Could you report every line from the entries that includes the word "copy"?

[Dataset excerpts]
========================================

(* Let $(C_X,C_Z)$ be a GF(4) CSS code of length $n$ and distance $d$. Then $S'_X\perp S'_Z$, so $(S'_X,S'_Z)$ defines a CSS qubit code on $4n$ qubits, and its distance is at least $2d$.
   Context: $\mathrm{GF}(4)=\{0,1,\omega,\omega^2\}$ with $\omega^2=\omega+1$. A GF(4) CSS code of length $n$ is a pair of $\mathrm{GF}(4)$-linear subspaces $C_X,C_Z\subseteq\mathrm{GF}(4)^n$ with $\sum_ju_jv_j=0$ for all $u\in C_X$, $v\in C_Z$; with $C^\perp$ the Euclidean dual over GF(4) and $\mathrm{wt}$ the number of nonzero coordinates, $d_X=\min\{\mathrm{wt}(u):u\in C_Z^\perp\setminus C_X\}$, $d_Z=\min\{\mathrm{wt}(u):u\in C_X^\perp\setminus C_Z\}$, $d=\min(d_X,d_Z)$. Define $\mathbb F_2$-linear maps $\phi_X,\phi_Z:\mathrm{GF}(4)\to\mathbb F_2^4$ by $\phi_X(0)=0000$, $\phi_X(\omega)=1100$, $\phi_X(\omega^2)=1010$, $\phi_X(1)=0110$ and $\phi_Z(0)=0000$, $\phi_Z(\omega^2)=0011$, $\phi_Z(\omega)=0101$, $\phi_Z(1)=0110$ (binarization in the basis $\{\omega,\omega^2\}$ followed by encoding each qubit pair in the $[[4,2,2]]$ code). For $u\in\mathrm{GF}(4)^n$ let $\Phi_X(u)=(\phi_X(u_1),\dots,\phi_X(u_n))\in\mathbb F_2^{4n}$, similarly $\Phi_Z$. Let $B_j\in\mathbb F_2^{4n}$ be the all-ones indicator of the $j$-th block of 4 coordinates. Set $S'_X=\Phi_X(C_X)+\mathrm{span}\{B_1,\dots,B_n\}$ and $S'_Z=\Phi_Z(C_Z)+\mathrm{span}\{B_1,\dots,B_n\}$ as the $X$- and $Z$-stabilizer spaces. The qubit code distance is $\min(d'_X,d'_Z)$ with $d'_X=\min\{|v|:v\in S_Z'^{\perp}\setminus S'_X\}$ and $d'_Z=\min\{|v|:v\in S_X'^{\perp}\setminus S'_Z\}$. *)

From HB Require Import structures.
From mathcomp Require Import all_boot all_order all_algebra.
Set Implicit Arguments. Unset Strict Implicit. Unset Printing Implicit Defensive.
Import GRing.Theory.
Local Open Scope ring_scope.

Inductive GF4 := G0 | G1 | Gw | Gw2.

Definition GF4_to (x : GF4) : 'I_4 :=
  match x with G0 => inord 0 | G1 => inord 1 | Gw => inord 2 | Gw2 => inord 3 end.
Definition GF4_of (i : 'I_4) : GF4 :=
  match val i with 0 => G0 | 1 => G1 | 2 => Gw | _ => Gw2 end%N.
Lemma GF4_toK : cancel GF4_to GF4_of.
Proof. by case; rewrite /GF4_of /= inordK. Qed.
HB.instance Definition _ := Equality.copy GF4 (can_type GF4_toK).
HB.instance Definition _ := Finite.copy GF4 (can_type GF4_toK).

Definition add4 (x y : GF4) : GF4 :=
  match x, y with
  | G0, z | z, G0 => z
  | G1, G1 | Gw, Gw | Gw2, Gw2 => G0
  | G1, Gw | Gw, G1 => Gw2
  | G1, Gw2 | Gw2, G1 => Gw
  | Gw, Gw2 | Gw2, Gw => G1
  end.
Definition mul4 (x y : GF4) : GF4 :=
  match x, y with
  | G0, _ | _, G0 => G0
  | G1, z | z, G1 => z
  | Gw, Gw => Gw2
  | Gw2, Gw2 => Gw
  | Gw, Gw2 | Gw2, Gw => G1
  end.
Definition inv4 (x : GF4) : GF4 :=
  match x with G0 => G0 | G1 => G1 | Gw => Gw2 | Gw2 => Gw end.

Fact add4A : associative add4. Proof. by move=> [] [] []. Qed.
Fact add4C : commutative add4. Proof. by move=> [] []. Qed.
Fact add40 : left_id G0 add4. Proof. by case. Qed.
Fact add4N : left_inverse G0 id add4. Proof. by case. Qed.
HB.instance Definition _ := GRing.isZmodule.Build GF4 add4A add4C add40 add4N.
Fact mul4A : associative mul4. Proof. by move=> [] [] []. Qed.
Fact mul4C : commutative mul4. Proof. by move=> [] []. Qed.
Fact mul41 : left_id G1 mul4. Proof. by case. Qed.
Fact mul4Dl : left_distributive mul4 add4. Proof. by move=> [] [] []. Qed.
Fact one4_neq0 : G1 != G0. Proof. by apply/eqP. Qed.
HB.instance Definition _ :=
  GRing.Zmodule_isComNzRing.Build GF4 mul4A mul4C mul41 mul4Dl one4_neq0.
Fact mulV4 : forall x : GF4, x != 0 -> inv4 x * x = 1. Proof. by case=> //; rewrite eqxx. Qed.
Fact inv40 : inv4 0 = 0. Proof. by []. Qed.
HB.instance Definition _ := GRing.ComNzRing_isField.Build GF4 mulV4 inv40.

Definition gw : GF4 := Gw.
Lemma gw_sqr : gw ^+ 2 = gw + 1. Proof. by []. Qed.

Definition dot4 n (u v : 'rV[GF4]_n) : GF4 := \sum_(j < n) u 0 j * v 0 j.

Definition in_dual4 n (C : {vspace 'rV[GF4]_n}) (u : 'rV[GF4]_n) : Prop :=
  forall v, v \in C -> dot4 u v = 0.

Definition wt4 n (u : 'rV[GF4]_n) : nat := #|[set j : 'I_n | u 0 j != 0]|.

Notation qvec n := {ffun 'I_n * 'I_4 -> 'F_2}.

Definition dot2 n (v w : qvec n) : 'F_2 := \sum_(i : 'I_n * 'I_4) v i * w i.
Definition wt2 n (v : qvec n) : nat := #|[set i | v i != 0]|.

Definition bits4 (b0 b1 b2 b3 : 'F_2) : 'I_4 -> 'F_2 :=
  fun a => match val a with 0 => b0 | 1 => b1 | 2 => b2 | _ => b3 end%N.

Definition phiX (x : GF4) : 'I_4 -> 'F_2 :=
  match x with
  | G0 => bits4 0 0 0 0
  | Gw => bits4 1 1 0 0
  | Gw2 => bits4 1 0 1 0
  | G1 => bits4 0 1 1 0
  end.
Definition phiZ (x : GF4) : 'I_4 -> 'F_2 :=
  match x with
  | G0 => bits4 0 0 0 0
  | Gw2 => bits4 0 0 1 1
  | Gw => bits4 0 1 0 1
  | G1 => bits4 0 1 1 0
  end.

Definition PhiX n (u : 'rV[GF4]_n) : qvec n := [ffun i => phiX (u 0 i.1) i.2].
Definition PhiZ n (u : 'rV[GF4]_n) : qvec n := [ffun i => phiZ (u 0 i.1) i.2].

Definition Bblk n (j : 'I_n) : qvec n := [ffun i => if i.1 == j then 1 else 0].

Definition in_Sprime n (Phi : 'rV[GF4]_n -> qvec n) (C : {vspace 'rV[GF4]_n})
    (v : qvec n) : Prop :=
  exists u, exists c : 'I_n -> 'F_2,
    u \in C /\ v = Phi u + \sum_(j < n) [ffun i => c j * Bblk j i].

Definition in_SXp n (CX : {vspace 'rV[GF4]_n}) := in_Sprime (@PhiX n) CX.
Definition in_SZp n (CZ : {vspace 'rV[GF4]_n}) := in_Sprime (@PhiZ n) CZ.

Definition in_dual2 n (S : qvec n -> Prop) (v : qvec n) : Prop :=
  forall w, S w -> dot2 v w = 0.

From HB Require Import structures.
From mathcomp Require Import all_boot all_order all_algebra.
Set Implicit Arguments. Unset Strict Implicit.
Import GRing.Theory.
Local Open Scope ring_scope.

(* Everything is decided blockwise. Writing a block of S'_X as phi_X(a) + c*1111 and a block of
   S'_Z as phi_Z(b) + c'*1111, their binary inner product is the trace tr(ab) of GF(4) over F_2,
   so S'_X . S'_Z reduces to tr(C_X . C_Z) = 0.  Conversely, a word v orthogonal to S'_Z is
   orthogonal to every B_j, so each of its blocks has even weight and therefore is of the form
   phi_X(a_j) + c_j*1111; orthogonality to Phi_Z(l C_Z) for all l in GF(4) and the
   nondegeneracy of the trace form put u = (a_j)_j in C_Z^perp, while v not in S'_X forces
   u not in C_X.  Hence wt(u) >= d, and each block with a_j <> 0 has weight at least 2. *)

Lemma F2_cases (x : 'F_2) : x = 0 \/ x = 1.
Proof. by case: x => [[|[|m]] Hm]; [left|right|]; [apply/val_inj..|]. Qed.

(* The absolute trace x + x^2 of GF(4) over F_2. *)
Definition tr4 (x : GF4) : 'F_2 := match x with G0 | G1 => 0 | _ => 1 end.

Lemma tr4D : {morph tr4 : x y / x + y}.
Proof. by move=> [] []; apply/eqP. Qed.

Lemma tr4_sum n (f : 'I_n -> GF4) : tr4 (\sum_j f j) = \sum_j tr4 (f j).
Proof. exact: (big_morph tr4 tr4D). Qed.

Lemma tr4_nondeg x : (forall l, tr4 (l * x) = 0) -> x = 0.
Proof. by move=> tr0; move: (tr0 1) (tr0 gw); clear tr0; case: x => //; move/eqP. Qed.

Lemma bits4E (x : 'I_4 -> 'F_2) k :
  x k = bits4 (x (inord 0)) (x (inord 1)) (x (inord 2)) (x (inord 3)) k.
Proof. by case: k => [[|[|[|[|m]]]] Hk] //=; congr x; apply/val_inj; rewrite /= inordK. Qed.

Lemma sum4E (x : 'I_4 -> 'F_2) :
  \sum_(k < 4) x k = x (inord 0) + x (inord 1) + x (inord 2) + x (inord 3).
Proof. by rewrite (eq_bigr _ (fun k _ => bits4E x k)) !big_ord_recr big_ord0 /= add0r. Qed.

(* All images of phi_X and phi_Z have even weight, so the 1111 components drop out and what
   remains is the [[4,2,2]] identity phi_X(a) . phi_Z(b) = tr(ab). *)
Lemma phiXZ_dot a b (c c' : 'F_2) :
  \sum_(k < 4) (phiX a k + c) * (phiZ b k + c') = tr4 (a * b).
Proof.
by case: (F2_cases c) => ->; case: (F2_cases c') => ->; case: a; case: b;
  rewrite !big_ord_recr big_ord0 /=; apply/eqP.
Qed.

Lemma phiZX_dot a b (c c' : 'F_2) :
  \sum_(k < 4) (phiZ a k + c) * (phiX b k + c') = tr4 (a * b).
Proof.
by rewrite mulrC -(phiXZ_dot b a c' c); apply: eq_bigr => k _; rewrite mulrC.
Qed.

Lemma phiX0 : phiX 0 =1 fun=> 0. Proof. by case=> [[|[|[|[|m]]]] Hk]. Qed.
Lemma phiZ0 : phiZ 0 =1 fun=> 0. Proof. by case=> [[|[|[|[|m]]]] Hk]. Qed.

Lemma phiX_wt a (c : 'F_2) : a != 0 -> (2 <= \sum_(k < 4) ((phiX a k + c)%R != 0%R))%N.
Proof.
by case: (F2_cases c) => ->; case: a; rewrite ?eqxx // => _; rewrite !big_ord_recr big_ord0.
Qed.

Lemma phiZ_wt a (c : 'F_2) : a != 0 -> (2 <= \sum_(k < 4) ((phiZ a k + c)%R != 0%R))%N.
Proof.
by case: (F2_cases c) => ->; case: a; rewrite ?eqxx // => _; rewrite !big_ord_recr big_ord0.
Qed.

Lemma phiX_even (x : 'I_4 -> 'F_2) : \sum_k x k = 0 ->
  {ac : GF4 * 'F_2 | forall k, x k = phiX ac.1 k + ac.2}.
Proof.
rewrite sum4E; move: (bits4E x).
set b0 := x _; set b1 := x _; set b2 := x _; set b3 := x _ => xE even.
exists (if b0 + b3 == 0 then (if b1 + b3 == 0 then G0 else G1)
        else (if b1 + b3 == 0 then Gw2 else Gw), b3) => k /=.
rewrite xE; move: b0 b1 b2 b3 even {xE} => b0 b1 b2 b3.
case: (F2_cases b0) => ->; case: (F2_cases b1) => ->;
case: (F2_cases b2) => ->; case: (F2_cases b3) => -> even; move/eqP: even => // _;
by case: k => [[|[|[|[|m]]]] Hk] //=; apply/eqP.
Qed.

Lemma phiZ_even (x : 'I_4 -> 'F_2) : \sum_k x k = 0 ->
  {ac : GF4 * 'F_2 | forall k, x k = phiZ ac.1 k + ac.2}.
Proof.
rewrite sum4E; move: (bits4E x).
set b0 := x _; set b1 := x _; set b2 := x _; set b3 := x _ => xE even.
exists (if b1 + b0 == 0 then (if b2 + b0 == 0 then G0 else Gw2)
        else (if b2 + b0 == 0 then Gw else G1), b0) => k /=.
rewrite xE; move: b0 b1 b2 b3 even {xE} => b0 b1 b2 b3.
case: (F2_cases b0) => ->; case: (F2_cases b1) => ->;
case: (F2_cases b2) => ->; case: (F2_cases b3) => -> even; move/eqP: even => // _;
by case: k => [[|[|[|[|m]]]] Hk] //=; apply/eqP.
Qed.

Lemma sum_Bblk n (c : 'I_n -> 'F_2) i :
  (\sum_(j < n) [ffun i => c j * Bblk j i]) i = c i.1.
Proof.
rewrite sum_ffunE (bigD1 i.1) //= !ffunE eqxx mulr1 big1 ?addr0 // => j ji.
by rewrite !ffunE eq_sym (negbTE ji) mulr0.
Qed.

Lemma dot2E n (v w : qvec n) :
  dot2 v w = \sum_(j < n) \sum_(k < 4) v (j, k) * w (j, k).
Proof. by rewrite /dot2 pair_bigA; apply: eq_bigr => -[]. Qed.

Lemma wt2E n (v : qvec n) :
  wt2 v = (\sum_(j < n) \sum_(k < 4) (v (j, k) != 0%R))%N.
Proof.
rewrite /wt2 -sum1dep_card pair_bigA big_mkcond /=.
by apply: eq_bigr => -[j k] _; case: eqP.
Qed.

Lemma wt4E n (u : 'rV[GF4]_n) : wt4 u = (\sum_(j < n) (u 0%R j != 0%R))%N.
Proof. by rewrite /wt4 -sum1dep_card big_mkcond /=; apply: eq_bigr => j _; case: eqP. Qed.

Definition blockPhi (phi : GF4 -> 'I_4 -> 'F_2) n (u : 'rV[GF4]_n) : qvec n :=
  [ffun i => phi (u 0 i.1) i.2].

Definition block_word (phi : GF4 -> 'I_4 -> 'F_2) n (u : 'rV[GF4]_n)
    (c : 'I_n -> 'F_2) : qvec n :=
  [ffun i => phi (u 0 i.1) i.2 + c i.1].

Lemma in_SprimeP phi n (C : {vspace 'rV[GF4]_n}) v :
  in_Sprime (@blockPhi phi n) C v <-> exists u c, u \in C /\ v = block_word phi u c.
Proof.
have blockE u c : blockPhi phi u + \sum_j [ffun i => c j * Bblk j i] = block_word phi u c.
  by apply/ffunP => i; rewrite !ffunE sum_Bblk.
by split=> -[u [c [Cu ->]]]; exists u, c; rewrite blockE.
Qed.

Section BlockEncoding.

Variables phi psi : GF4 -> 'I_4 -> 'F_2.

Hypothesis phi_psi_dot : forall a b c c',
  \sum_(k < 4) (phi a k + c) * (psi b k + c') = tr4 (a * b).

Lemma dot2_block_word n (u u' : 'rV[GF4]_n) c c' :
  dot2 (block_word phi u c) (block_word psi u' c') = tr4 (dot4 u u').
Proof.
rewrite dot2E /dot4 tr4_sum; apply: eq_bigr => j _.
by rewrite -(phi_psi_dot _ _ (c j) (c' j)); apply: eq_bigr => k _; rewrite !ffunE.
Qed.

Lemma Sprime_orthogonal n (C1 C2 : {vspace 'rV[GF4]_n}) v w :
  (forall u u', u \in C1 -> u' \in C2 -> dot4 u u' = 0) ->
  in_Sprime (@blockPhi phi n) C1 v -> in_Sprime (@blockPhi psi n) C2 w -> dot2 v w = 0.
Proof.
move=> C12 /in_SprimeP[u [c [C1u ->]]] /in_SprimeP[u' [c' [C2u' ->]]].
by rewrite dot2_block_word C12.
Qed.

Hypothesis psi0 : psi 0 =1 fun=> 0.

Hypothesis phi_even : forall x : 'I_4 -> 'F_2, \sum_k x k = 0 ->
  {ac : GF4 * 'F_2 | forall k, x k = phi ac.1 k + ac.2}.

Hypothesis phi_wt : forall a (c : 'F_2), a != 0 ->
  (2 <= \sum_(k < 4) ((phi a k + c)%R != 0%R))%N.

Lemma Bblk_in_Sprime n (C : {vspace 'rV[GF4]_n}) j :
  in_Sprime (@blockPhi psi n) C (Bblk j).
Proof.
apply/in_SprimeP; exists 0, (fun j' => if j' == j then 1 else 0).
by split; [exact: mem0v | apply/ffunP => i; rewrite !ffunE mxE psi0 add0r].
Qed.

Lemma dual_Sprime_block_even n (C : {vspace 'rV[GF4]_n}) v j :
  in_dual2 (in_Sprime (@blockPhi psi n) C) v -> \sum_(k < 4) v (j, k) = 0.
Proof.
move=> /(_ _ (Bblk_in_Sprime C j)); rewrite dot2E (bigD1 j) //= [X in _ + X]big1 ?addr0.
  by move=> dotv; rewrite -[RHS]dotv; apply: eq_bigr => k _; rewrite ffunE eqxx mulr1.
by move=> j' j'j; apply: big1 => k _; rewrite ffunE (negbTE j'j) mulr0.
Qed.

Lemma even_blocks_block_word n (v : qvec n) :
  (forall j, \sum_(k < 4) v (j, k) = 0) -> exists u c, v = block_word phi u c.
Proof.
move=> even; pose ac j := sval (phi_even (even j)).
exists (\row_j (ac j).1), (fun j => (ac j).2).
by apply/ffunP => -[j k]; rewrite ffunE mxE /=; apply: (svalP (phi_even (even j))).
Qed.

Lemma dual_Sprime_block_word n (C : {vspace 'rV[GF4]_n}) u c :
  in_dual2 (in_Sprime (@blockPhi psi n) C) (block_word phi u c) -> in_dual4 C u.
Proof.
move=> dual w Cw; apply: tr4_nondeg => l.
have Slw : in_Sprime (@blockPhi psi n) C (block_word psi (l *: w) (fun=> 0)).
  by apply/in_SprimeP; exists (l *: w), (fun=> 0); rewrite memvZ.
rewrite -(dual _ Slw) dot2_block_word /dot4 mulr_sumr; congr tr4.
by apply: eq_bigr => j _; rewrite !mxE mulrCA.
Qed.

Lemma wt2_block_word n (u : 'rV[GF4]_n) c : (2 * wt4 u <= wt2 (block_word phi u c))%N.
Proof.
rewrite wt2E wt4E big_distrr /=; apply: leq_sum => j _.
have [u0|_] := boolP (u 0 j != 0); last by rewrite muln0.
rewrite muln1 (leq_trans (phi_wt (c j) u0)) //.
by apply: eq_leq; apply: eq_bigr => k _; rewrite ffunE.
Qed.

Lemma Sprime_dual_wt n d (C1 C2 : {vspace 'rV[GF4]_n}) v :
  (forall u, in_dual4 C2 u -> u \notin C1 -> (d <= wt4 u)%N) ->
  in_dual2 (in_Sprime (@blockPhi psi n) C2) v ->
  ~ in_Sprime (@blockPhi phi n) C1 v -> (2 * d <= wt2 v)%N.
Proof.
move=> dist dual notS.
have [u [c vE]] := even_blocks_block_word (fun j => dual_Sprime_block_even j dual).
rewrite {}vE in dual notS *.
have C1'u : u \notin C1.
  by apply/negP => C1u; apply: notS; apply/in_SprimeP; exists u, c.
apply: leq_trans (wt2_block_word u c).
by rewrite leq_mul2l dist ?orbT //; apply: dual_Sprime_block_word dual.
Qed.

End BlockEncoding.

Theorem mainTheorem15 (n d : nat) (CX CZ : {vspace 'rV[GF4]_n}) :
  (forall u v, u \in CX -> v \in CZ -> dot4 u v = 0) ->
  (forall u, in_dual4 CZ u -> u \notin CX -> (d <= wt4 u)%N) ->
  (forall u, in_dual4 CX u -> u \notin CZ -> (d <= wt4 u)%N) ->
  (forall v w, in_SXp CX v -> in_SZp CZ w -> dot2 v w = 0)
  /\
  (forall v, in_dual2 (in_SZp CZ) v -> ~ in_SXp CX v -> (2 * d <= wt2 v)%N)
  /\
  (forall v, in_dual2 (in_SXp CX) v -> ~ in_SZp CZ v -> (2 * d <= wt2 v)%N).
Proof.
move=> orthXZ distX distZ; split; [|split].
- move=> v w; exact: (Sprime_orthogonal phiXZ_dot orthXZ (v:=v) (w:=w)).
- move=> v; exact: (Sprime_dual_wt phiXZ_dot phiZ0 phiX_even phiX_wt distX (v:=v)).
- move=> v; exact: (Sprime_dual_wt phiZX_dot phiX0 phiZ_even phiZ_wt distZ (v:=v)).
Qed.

========================================

-- SOLVED EXERCISE --
HB.instance Definition _ := Equality.copy GF4 (can_type GF4_toK).
HB.instance Definition _ := Finite.copy GF4 (can_type GF4_toK).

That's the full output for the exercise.